California’s governor, Gavin Newsom (D) just signed into law legislation that allows for the use of medical marijuana products in hospitals and other eligible health care settings.

Senate Bill 311, also known as Ryan’s Law, requires “specified types of health care facilities to allow a terminally ill patient’s use of medicinal cannabis within the health care facility, subject to certain restrictions.” The bill prohibits medical marijuana users from inhaling or vaping cannabis products within a hospital setting and restricts the use of marijuana products in emergency rooms.

Prior to the bill being signed into law, the lead sponsor of the bill, Senator Hueso, said in a statement, “It is inconceivable to me that, in a state where medical cannabis was legalized more than 25 years ago, those in deepest suffering receiving treatment in our state’s healthcare facilities cannot access this proven, effective, and prescribed treatment. Instead, terminally-ill patients in California healthcare facilities are given heavy opiates that rob them of their precious last moments with family and friends. This is a simple, yet critical, move that will provide relief, compassion and dignity to terminally-ill Californians.”

Ryan’s Law

SB 311 was titled “Ryan’s Law” after a California native Ryan Bartell who served as a U.S. Coast Guard and passed away in 2018 from pancreatic cancer. Ryan, who spent his last days in the hospital, was given heavy pain medication, which largely put him to sleep and unable to interact with his family. When Ryan’s family tried to include medical marijuana in his end of life treatment plan, they were not allowed to do so.
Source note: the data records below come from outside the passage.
Lemma ps2_comp_00 g u : ps2_comp g u 0%nat 0%nat = g 0%nat.
Proof. unfold ps2_comp, ps2_pow, ps2_one. simpl. ring. Qed.

Lemma ps2_mul_00 a b : ps2_mul a b 0%nat 0%nat = a 0%nat 0%nat * b 0%nat 0%nat.
Proof. unfold ps2_mul. simpl. ring. Qed.

Section FormalFixedPoint.

Variable q : nat -> R.
Hypothesis q_0 : q 0%nat = 0.

Lemma fp_map_00 a : fp_map q a 0%nat 0%nat = 0.
Proof.
  unfold fp_map, fp_correction, ps2_add, ps2_scal.
  rewrite !ps2_mul_00, ps2_comp_00, q_0. unfold ps2_X. simpl. ring.
Qed.

Lemma agree_below_fp_map d a a' : a 0%nat 0%nat = 0 -> a' 0%nat 0%nat = 0 ->
  agree_below d a a' -> agree_below (S d) (fp_map q a) (fp_map q a').
Proof.
  intros Ha0 Ha0' Ha.
  assert (Hq : agree_below d (ps2_comp q (y_minus a)) (ps2_comp q (y_minus a')))
    by (apply agree_below_comp, agree_below_add; [now intros ? ? ? | now apply agree_below_scal]).
  apply agree_below_add; [now intros ? ? ?|]. apply agree_below_scal.
  apply agree_below_mul_S; auto.
  - unfold fp_correction, ps2_add, ps2_scal. rewrite ps2_mul_00, ps2_comp_00, q_0. ring.
  - unfold fp_correction, ps2_add, ps2_scal. rewrite ps2_mul_00, ps2_comp_00, q_0. ring.
  - apply agree_below_add; [now apply agree_below_scal | now apply agree_below_mul].
Qed.

Lemma fp_iter_00 k : fp_iter q k 0%nat 0%nat = 0.
Proof. destruct k; [reflexivity | apply fp_map_00]. Qed.

Lemma agree_below_fp_iter k m : (k <= m)%nat -> agree_below k (fp_iter q k) (fp_iter q m).
Proof.
  revert m. induction k as [|k IHk]; intros m Hkm; [intros n i Hn; lia|].
  destruct m as [|m]; [lia|].
  apply agree_below_fp_map; try apply fp_iter_00. apply IHk. lia.
Qed.

Lemma agree_below_fp_solution k : agree_below k (fp_solution q) (fp_iter q k).
Proof.
  intros n i Hn. unfold fp_solution.
  destruct (Nat.le_ge_cases (S n) k) as [Hle|Hge].
  - apply agree_below_fp_iter; [exact Hle | lia].
  - symmetry. apply agree_below_fp_iter; [exact Hge | exact Hn].
Qed.

Lemma fp_solution_00 : fp_solution q 0%nat 0%nat = 0.
Proof. apply fp_iter_00. Qed.

Lemma fp_solution_fixed n i : fp_map q (fp_solution q) n i = fp_solution q n i.
Proof.
  rewrite (agree_below_fp_map (S n) _ (fp_iter q (S n))); try lia;
    [|apply fp_solution_00 | apply fp_iter_00 | apply agree_below_fp_solution].
  change (fp_map q (fp_iter q (S n))) with (fp_iter q (S (S n))).
  symmetry. apply agree_below_fp_solution. lia.
Qed.

End FormalFixedPoint.

(* For [norm_le r a (2 r)], [y - a] has norm at most [3 r], so [Q(y - a)] has norm
   at most [1/5] and [fp_correction] at most [1/2]: [fp_map] preserves the ball
   of radius [2 r]. *)
Section Majorant.

Variables (q : nat -> R) (r : R).
Hypotheses (q_0 : q 0%nat = 0) (r_ge0 : 0 <= r).
Hypothesis q_conv : ex_series (fun m => Rabs (q m) * (3 * r) ^ m).
Hypothesis q_small : Series (fun m => Rabs (q m) * (3 * r) ^ m) <= / 5.

Section Shift.

Variables (a : ps2) (g : nat -> R).
Hypotheses (a_00 : a 0%nat 0%nat = 0) (a_le : norm_le r a (2 * r)).
Hypothesis g_conv : ex_series (fun m => Rabs (g m) * (3 * r) ^ m).

Lemma norm_le_y_minus : norm_le r (y_minus a) (3 * r).
Proof.
  apply (norm_le_weaken r _ (r + Rabs (-1) * (2 * r))).
  - apply norm_le_add; [exact r_ge0 | now apply norm_le_Y | now apply norm_le_scal].
  - rewrite Rabs_left; lra.
Qed.

Lemma y_minus_00 : y_minus a 0%nat 0%nat = 0.
Proof. unfold y_minus, ps2_add, ps2_scal, ps2_Y. rewrite a_00. simpl. ring. Qed.

Lemma norm_le_comp_y_minus :
  norm_le r (ps2_comp g (y_minus a)) (Series (fun m => Rabs (g m) * (3 * r) ^ m)).
Proof. apply (norm_le_comp r (3 * r)); auto using norm_le_y_minus, y_minus_00. Qed.

Variables x y : R.
Hypotheses (x_le : Rabs x <= r) (y_le : Rabs y <= r).

Lemma eval2_y_minus : eval2 (y_minus a) x y = y - eval2 a x y.
Proof.
  unfold y_minus. rewrite (eval2_add r); auto.
  - rewrite eval2_scal, eval2_Y. ring.
  - apply (norm_le_Y r r_ge0).
  - apply (norm_le_scal r r_ge0 (-1) a _ a_le).
Qed.

Lemma eval2_comp_y_minus :
  eval2 (ps2_comp g (y_minus a)) x y = PSeries g (y - eval2 a x y).
Proof.
  rewrite <- eval2_y_minus. apply (eval2_comp r (3 * r)); auto using norm_le_y_minus, y_minus_00.
Qed.

End Shift.

Section Step.

Variables (a : ps2) (x y : R).
Hypotheses (a_00 : a 0%nat 0%nat = 0) (a_le : norm_le r a (2 * r)).

Lemma norm_le_fp_correction : norm_le r (fp_correction q a) (1 / 2).
Proof.
  pose proof (norm_le_comp_y_minus a q a_00 a_le q_conv) as HQ.
  set (K := Series (fun m => Rabs (q m) * (3 * r) ^ m)) in HQ.
  assert (K_ge0 : 0 <= K) by exact (norm_le_ge0 r r_ge0 _ _ HQ).
  apply (norm_le_weaken r _ (Rabs 2 * K + K * K)).
  - apply norm_le_add; [exact r_ge0 | now apply norm_le_scal | now apply norm_le_mul].
  - rewrite Rabs_right by lra. unfold K in *. nra.
Qed.

Lemma norm_le_fp_map : norm_le r (fp_map q a) (2 * r).
Proof.
  apply (norm_le_weaken r _ (r + Rabs (-1) * (2 * r * (1 / 2)))).
  - apply norm_le_add; [exact r_ge0 | now apply norm_le_X |].
    apply norm_le_scal; [exact r_ge0|]. apply norm_le_mul; [exact r_ge0 | exact a_le |].
    exact norm_le_fp_correction.
  - rewrite Rabs_left; lra.
Qed.

Hypotheses (x_le : Rabs x <= r) (y_le : Rabs y <= r).

Lemma eval2_fp_correction :
  eval2 (fp_correction q a) x y =
  2 * PSeries q (y - eval2 a x y) + PSeries q (y - eval2 a x y) ^ 2.
Proof.
  pose proof (norm_le_comp_y_minus a q a_00 a_le q_conv) as [HQ _].
  unfold fp_correction.
  rewrite (eval2_add r), eval2_scal, (eval2_mul r), (eval2_comp_y_minus a q); auto.
  - ring.
  - apply (norm_le_scal r r_ge0 2 _ _ (norm_le_comp_y_minus a q a_00 a_le q_conv)).
  - apply (norm_le_mul r r_ge0 _ _ _ _ (norm_le_comp_y_minus a q a_00 a_le q_conv)
                                       (norm_le_comp_y_minus a q a_00 a_le q_conv)).
Qed.

Lemma eval2_fp_map :
  eval2 (fp_map q a) x y =
  x - eval2 a x y * (2 * PSeries q (y - eval2 a x y) + PSeries q (y - eval2 a x y) ^ 2).
Proof.
  destruct norm_le_fp_correction as [Hc _].
  unfold fp_map.
  rewrite (eval2_add r), eval2_scal, (eval2_mul r), eval2_fp_correction; auto.
  - rewrite eval2_X. ring.
  - apply a_le.
  - apply (norm_le_X r r_ge0).
  - apply (norm_le_scal r r_ge0 (-1) _ _ (norm_le_mul r r_ge0 _ _ _ _ a_le norm_le_fp_correction)).
Qed.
As such, Ryan’s family moved him to a medical facility that would allow the use of medical marijuana. In his final days, Ryan was able to communicate with his family and friends, ensuring that his quality of life was considered as part of his hospice treatment.

Jim Bartell, father of Ryan Bartell and sponsor of SB 311 stated, “In the invaluable last days as Ryan fought stage 4 pancreatic cancer, I first-handedly experienced the positive impact medical cannabis had on my son’s well-being, as opposed to the harsh effects of opiates. Medical cannabis is an excellent option for relieving pain and suffering in those who are terminally-ill, but most importantly it serves to provide compassion, support, and dignity to patients and their families, during their loved-ones’ final days. Looking at each other, holding Ryan’s hand and telling him how much I loved him during his final moments would not have been possible without the medical cannabis.”

The signing of SB 311 will surely bring peace and relief to many terminally ill patients during their final days.